Reproduce, from the lines below, exactly the stretch that begins at the line containing "Hypotheses (cardK : #|K|" and ends at the line containing "tr_char p m", both included.
+ + + + +
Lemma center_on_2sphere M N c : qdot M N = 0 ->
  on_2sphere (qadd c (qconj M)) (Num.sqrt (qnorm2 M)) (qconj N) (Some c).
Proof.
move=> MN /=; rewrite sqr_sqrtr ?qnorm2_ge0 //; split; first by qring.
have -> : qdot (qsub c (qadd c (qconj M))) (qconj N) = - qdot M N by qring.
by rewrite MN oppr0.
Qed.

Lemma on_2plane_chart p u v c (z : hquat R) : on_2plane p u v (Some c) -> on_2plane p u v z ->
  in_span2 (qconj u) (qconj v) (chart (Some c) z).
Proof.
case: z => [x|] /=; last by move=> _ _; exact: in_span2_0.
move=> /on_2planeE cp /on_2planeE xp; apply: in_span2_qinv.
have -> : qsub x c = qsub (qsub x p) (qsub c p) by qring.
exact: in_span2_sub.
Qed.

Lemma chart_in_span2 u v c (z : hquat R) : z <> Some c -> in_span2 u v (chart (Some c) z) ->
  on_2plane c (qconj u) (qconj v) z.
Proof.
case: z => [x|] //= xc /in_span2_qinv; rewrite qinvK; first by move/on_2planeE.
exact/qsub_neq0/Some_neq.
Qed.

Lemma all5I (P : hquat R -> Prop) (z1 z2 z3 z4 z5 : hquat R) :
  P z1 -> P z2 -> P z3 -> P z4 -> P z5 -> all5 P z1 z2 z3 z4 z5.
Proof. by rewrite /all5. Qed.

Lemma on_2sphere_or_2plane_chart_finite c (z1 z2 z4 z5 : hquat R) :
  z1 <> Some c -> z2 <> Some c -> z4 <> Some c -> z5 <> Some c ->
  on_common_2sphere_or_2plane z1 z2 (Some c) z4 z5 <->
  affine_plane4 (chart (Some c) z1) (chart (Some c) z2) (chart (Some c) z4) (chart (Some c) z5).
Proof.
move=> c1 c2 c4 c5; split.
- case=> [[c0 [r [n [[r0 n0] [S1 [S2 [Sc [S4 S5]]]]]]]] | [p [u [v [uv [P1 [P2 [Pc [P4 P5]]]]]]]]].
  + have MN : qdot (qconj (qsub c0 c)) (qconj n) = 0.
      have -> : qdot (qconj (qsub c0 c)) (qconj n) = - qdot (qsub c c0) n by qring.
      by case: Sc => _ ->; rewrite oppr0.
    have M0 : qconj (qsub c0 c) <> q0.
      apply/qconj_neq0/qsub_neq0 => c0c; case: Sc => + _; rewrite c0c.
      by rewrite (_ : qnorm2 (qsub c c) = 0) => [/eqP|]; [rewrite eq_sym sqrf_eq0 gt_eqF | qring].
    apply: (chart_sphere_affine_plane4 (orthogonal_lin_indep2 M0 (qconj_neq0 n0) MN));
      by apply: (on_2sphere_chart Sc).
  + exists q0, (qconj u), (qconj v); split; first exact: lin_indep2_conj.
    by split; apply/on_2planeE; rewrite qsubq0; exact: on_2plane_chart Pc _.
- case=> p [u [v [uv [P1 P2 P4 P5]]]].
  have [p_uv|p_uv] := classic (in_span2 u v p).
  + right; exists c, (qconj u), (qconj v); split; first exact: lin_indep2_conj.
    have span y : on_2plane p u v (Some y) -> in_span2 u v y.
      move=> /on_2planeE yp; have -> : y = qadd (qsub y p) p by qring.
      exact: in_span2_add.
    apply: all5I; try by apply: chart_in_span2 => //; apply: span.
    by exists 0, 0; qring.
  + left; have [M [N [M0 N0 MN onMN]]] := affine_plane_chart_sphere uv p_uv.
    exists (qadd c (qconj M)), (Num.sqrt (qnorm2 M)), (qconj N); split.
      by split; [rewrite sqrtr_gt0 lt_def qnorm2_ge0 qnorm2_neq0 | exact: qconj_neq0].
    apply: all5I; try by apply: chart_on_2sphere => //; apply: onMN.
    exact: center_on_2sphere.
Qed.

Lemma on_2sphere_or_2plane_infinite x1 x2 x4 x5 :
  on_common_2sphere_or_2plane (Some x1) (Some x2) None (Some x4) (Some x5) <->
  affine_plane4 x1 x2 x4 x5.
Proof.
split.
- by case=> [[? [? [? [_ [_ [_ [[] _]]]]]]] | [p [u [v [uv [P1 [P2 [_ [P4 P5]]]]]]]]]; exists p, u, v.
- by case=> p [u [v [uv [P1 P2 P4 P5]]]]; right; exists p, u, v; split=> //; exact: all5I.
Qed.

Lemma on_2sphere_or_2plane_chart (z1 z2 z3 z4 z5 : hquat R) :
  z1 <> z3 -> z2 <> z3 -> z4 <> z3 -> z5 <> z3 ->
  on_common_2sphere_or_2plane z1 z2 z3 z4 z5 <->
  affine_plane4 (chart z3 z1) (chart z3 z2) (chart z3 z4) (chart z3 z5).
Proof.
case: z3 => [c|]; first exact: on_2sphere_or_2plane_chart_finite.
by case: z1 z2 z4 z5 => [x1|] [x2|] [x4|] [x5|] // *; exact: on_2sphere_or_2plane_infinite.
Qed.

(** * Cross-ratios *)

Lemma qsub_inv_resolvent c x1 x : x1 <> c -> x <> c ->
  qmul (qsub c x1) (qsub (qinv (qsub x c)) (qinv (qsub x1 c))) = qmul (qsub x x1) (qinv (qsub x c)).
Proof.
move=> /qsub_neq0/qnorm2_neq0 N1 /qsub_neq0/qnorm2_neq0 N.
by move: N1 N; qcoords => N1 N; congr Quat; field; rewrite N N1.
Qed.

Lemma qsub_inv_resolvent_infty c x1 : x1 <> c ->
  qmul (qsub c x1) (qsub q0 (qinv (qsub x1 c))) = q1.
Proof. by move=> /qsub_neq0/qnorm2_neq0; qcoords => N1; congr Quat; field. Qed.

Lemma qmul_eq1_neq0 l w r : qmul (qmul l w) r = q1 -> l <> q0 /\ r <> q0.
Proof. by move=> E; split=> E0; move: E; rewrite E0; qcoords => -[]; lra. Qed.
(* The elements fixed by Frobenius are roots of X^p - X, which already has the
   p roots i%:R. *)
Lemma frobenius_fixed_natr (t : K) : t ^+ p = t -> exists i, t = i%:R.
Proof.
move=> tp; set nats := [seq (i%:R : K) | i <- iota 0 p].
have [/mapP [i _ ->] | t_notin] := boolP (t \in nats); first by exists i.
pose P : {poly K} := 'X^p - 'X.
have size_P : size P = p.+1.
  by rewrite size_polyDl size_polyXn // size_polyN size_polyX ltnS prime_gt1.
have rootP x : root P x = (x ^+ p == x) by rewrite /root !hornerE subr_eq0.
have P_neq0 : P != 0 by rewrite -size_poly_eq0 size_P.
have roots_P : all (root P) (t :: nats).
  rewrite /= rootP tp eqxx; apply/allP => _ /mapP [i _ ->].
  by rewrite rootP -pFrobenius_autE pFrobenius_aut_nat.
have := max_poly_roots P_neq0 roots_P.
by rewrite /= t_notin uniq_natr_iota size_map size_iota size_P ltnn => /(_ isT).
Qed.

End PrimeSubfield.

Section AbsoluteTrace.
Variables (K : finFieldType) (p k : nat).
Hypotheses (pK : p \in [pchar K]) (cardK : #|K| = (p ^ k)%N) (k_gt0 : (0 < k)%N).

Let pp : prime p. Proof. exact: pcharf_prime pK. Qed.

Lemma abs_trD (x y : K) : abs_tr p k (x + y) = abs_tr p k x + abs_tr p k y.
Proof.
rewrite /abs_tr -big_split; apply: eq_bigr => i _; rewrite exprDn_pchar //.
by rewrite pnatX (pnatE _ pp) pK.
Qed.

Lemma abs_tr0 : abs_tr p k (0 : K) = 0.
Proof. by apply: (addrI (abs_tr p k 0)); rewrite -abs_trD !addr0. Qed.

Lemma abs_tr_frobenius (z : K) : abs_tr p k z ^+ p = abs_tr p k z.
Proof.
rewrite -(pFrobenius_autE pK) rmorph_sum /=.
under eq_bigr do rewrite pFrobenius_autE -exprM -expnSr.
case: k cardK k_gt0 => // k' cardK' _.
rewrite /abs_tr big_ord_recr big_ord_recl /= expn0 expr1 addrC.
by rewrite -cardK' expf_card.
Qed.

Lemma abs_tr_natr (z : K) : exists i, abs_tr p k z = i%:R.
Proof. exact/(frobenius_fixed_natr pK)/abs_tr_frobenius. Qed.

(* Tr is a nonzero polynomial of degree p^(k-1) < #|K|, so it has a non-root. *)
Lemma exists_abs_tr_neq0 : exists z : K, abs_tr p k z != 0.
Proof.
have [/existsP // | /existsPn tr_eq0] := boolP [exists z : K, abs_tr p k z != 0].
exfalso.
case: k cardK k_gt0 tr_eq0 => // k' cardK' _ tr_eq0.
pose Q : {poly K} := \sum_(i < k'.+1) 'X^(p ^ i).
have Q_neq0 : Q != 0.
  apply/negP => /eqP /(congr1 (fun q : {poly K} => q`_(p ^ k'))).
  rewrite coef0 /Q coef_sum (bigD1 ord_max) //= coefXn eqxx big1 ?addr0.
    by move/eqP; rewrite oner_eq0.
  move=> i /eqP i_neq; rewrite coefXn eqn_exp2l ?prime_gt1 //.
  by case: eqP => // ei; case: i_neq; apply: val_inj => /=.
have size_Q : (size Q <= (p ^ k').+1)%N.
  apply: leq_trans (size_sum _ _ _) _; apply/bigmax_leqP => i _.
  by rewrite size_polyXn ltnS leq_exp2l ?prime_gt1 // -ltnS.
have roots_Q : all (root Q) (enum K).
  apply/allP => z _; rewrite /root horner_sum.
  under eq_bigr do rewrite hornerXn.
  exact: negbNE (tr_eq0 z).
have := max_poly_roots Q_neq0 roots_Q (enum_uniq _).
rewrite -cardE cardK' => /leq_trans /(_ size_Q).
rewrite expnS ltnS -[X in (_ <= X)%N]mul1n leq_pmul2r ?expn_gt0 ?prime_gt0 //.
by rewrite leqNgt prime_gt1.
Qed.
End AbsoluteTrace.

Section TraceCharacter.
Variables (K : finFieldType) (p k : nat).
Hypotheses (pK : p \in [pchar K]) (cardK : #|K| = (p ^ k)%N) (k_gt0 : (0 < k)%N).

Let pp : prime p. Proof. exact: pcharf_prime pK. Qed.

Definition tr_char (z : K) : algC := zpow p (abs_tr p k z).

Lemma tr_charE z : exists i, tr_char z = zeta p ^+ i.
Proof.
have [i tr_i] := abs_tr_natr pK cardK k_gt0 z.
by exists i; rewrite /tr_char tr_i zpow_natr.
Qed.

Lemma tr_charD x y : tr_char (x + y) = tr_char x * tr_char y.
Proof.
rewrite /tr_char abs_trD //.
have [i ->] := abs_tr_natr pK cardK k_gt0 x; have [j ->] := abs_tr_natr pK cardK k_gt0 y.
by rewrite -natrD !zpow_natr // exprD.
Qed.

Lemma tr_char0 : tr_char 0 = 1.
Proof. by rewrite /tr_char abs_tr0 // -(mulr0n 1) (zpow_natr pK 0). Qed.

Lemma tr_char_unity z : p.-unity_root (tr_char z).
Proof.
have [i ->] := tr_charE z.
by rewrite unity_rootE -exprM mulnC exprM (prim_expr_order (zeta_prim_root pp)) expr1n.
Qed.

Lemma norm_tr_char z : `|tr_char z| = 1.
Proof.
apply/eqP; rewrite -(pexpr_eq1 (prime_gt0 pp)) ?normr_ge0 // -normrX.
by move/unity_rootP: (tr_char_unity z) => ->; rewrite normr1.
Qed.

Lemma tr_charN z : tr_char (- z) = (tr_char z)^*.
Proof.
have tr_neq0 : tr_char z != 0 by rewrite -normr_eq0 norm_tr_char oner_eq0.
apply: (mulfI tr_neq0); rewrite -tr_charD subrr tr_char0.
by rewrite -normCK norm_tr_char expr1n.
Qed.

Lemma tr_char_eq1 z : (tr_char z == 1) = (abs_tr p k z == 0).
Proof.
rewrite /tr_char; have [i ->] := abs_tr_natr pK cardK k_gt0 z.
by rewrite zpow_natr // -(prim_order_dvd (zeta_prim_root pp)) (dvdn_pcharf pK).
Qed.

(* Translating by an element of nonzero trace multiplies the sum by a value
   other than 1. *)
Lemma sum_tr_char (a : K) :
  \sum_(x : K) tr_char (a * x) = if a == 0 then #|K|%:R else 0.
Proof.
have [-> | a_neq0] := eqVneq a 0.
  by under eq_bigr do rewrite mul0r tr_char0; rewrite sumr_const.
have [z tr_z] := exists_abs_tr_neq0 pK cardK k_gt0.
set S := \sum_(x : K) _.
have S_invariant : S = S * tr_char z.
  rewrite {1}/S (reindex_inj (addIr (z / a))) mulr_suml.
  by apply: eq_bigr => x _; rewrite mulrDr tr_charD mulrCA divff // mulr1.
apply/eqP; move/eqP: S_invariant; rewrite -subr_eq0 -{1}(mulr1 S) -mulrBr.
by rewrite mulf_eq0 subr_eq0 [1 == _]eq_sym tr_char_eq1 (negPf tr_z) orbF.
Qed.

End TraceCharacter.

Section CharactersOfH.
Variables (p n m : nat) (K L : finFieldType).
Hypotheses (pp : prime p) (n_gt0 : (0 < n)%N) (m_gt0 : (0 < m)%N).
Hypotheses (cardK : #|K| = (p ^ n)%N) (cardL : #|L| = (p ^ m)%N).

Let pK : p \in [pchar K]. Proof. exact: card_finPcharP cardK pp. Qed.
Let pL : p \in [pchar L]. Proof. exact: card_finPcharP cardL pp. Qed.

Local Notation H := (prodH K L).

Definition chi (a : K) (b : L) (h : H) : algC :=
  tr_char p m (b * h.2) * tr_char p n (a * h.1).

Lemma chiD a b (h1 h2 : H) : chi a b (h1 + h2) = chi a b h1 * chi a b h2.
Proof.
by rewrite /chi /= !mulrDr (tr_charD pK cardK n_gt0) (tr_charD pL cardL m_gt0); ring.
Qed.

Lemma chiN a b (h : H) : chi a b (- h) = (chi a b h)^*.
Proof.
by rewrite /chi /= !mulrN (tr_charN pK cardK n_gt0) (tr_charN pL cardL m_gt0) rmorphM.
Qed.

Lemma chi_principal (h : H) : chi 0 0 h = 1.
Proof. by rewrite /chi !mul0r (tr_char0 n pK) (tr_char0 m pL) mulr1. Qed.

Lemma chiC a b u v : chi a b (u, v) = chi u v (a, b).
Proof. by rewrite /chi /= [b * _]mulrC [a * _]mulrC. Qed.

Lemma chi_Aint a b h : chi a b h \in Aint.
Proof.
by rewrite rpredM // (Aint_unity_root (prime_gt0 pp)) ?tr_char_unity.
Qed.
+ + + + +
* RESPONSE TO THE EXERCISE
Hypotheses (cardK : #|K| = (p ^ n)%N) (cardL : #|L| = (p ^ m)%N).

Let pK : p \in [pchar K]. Proof. exact: card_finPcharP cardK pp. Qed.
Let pL : p \in [pchar L]. Proof. exact: card_finPcharP cardL pp. Qed.

Local Notation H := (prodH K L).

Definition chi (a : K) (b : L) (h : H) : algC :=
  tr_char p m (b * h.2) * tr_char p n (a * h.1).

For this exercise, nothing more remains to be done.